(* Let $n\ge 2$ and let $T_1,\dots,T_{n-1}$ and $D_1,\dots,D_n$ be the Demazure–Lustig operators and the $q$-Dunkl operators described in the context. Then for $1\le i\le n-1$, $$T_i\,D_{i+1}=t\,D_i\,T_i^{-1},\qquad T_i\,D_i=D_{i+1}\,T_i+(t-1)D_i,$$ and for all $1\le i\le n-1$ and $1\le j\le n$ with $j\ne i,i+1$, $T_iD_j=D_jT_i$.
   Context: Let $n\ge1$, let $q,t$ be generic parameters (indeterminates), and let operators act on Laurent polynomials in $x=(x_1,\dots,x_n)$ with coefficients in $\mathbb{Q}(q,t)$; $x_i$ also denotes multiplication by $x_i$. Let $s_i$ ($1\le i\le n-1$) interchange $x_i$ and $x_{i+1}$, and let $\tau_i$ be the $q$-shift $(\tau_if)(x_1,\dots,x_n)=f(x_1,\dots,qx_i,\dots,x_n)$. The Demazure–Lustig operators are $T_i=t+\frac{tx_i-x_{i+1}}{x_i-x_{i+1}}(s_i-1)$, $1\le i\le n-1$; they satisfy $(T_i-t)(T_i+1)=0$, hence are invertible with $T_i^{-1}=t^{-1}-1+t^{-1}T_i$. Let $\omega=s_{n-1}\cdots s_2s_1\tau_1$ (composition of operators), and for $1\le i\le n$ let $Y_i=t^{-n+i}\,T_i\cdots T_{n-1}\,\omega\,T_1^{-1}\cdots T_{i-1}^{-1}$. For $i<j$ let $T_{ij}^{-1}=T_i^{-1}T_{i+1}^{-1}\cdots T_{j-2}^{-1}T_{j-1}^{-1}T_{j-2}^{-1}\cdots T_i^{-1}$. The $q$-Dunkl operators are $$D_i=x_i^{-1}\Bigl(1-t^{n-1}\Bigl[1+(t^{-1}-1)\sum_{j=i+1}^n t^{j-i}T_{ij}^{-1}\Bigr]Y_i\Bigr),\qquad 1\le i\le n,$$ so in particular $D_n=x_n^{-1}(1-t^{n-1}Y_n)$. *)

From HB Require Import structures.
From mathcomp Require Import all_boot all_order all_algebra.
From mathcomp Require Import mpoly.
Set Implicit Arguments. Unset Strict Implicit. Unset Printing Implicit Defensive.
Import Order.TTheory GRing.Theory FracField.
Notation "x %:F" := (@FracField.tofrac _ x).
Local Open Scope ring_scope.

Section DL.
Variables (K : fieldType) (n : nat) (q t : K).

Definition Pol := {mpoly K[n]}.
Definition RF := {fraction Pol}.

(* the variable x_k (1-based, 1 <= k <= n), as a polynomial *)
Definition xp (k : nat) : Pol :=
  oapp (fun j : 'I_n => 'X_j) 0 (insub k.-1).
Definition xr (k : nat) : RF := (xp k)%:F.
Definition cst (c : K) : RF := (c%:MP : Pol)%:F.

Definition rf_map (f : Pol -> Pol) (r : RF) : RF :=
  (f (\n_(repr r)))%:F / (f (\d_(repr r)))%:F.

(* s_i : interchange x_i and x_{i+1} *)
Definition s_pol (i : nat) (p : Pol) : Pol :=
  p \mPo [tuple (if val j == i.-1 then xp i.+1
                 else if val j == i then xp i else 'X_j) | j < n].
Definition s_op (i : nat) : RF -> RF := rf_map (s_pol i).

(* tau_i : x_i |-> q x_i *)
Definition tau_pol (i : nat) (p : Pol) : Pol :=
  p \mPo [tuple (if val j == i.-1 then q%:MP * 'X_j else 'X_j) | j < n].
Definition tau_op (i : nat) : RF -> RF := rf_map (tau_pol i).

(* product A_1 A_2 ... A_k of operators (composition, rightmost first) *)
Definition oprod (fs : seq (RF -> RF)) : RF -> RF :=
  foldr (fun g acc => g \o acc) id fs.

Definition T_op (i : nat) (f : RF) : RF :=
  cst t * f + (cst t * xr i - xr i.+1) / (xr i - xr i.+1) * (s_op i f - f).
Definition Tinv_op (i : nat) (f : RF) : RF :=
  cst (t^-1 - 1) * f + cst t^-1 * T_op i f.

(* omega = s_{n-1} ... s_2 s_1 tau_1 *)
Definition omega_op : RF -> RF :=
  oprod (map s_op (rev (iota 1 n.-1)) ++ [:: tau_op 1]).

(* Y_i = t^{-n+i} T_i ... T_{n-1} omega T_1^{-1} ... T_{i-1}^{-1} *)
Definition Y_op (i : nat) (f : RF) : RF :=
  cst (t ^- (n - i)) *
  oprod (map T_op (iota i (n - i)) ++ [:: omega_op] ++
         map Tinv_op (iota 1 i.-1)) f.

(* T_{ij}^{-1} = T_i^{-1} ... T_{j-1}^{-1} T_{j-2}^{-1} ... T_i^{-1} *)
Definition Tinv_ij (i j : nat) : RF -> RF :=
  oprod (map Tinv_op (iota i (j - i)) ++ map Tinv_op (rev (iota i (j.-1 - i)))).

Definition D_op (i : nat) (f : RF) : RF :=
  (xr i)^-1 * (f - cst (t ^+ n.-1) *
     (Y_op i f + cst (t^-1 - 1) *
        \sum_(i.+1 <= j < n.+1) cst (t ^+ (j - i)) * Tinv_ij i j (Y_op i f))).

Definition laurent (r : RF) : Prop :=
  exists (p : Pol) (k : nat), r = p%:F / ((\prod_(j < n) 'X_j) ^+ k : Pol)%:F.

End DL.

(* the coefficient field Q(q,t) and the indeterminates q, t *)
Definition Qqt := {fraction {mpoly rat[2]}}.
Definition q0 : Qqt := ('X_(@ord0 1) : {mpoly rat[2]})%:F.
Definition t0 : Qqt := ('X_(@ord_max 1) : {mpoly rat[2]})%:F.

(* The substitutions s_i and omega extend monomial substitutions of the polynomial
   ring to automorphisms of the field of rational functions.  Hence each T_i is the
   Demazure-Lustig operator of a field automorphism, and the quadratic relation, the
   braid relations, omega T_(i+1) = T_i omega and T_i x_(i+1)^-1 T_i = t x_i^-1
   reduce to identities in a field.  The rest follows from these relations alone:
   T_i Y_(i+1) T_i = t Y_i and T_i Y_j = Y_j T_i for j <> i, i+1, and the sum
   S_i = sum_(j > i) t^(j-i) T_ij^-1 satisfies S_i = t T_i^-1 + t T_i^-1 S_(i+1) T_i^-1
   and commutes with T_k for k <> i-1, i.  Substituting these into D_i gives the
   three relations. *)

From HB Require Import structures.
From mathcomp Require Import all_boot all_algebra.
From mathcomp Require Import mpoly.
From mathcomp Require Import ring zify.
Set Implicit Arguments. Unset Strict Implicit. Unset Printing Implicit Defensive.
Import GRing.Theory.
Local Open Scope ring_scope.

(** * Extending polynomial morphisms to rational functions *)

Lemma frac_numden (R : idomainType) (r : {fraction R}) :
  r = (\n_(repr r))%:F / (\d_(repr r))%:F.
Proof.
rewrite -[r in LHS]reprK; set x := repr r.
unlock FracField.tofrac.
transitivity (\pi_({fraction R})%qT
  (FracField.mulf (Ratio \n_x 1) (FracField.invf (Ratio \d_x 1)))).
  apply/eqmodP; rewrite /= /FracField.equivf /FracField.mulf /FracField.invf /=.
  by rewrite !numden_Ratio ?oner_neq0 ?mulr1 ?mul1r ?denom_ratioP // mulrC.
by rewrite FracField.pi_mul FracField.pi_inv.
Qed.

Lemma comp_mpolyA (R : comNzRingType) (k m p : nat) (P : {mpoly R[k]})
    (lq : k.-tuple {mpoly R[m]}) (lr : m.-tuple {mpoly R[p]}) :
  P \mPo lq \mPo lr = P \mPo [tuple tnth lq i \mPo lr | i < k].
Proof.
rewrite (comp_mpolyEX P) raddf_sum (comp_mpolyEX P) /=.
apply: eq_bigr => M _; rewrite comp_mpolyZ; congr (_ *: _).
rewrite !comp_mpolyX rmorph_prod /=; apply: eq_bigr => i _.
by rewrite rmorphXn /= tnth_mktuple.
Qed.

Section RmorphismOfEq.
Variables (R S : nzRingType) (g : {rmorphism R -> S}) (f : R -> S).
Hypothesis fg : f =1 g.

- - -

* **REQUIREMENT**: Your answer should hold exactly the lines from the one containing "(lq : k.-tuple" through the end of the entries above, and nothing else.

* **WRITTEN SOLUTION**:
    (lq : k.-tuple {mpoly R[m]}) (lr : m.-tuple {mpoly R[p]}) :
  P \mPo lq \mPo lr = P \mPo [tuple tnth lq i \mPo lr | i < k].
Proof.
rewrite (comp_mpolyEX P) raddf_sum (comp_mpolyEX P) /=.
apply: eq_bigr => M _; rewrite comp_mpolyZ; congr (_ *: _).
rewrite !comp_mpolyX rmorph_prod /=; apply: eq_bigr => i _.
by rewrite rmorphXn /= tnth_mktuple.
Qed.

Section RmorphismOfEq.
Variables (R S : nzRingType) (g : {rmorphism R -> S}) (f : R -> S).
Hypothesis fg : f =1 g.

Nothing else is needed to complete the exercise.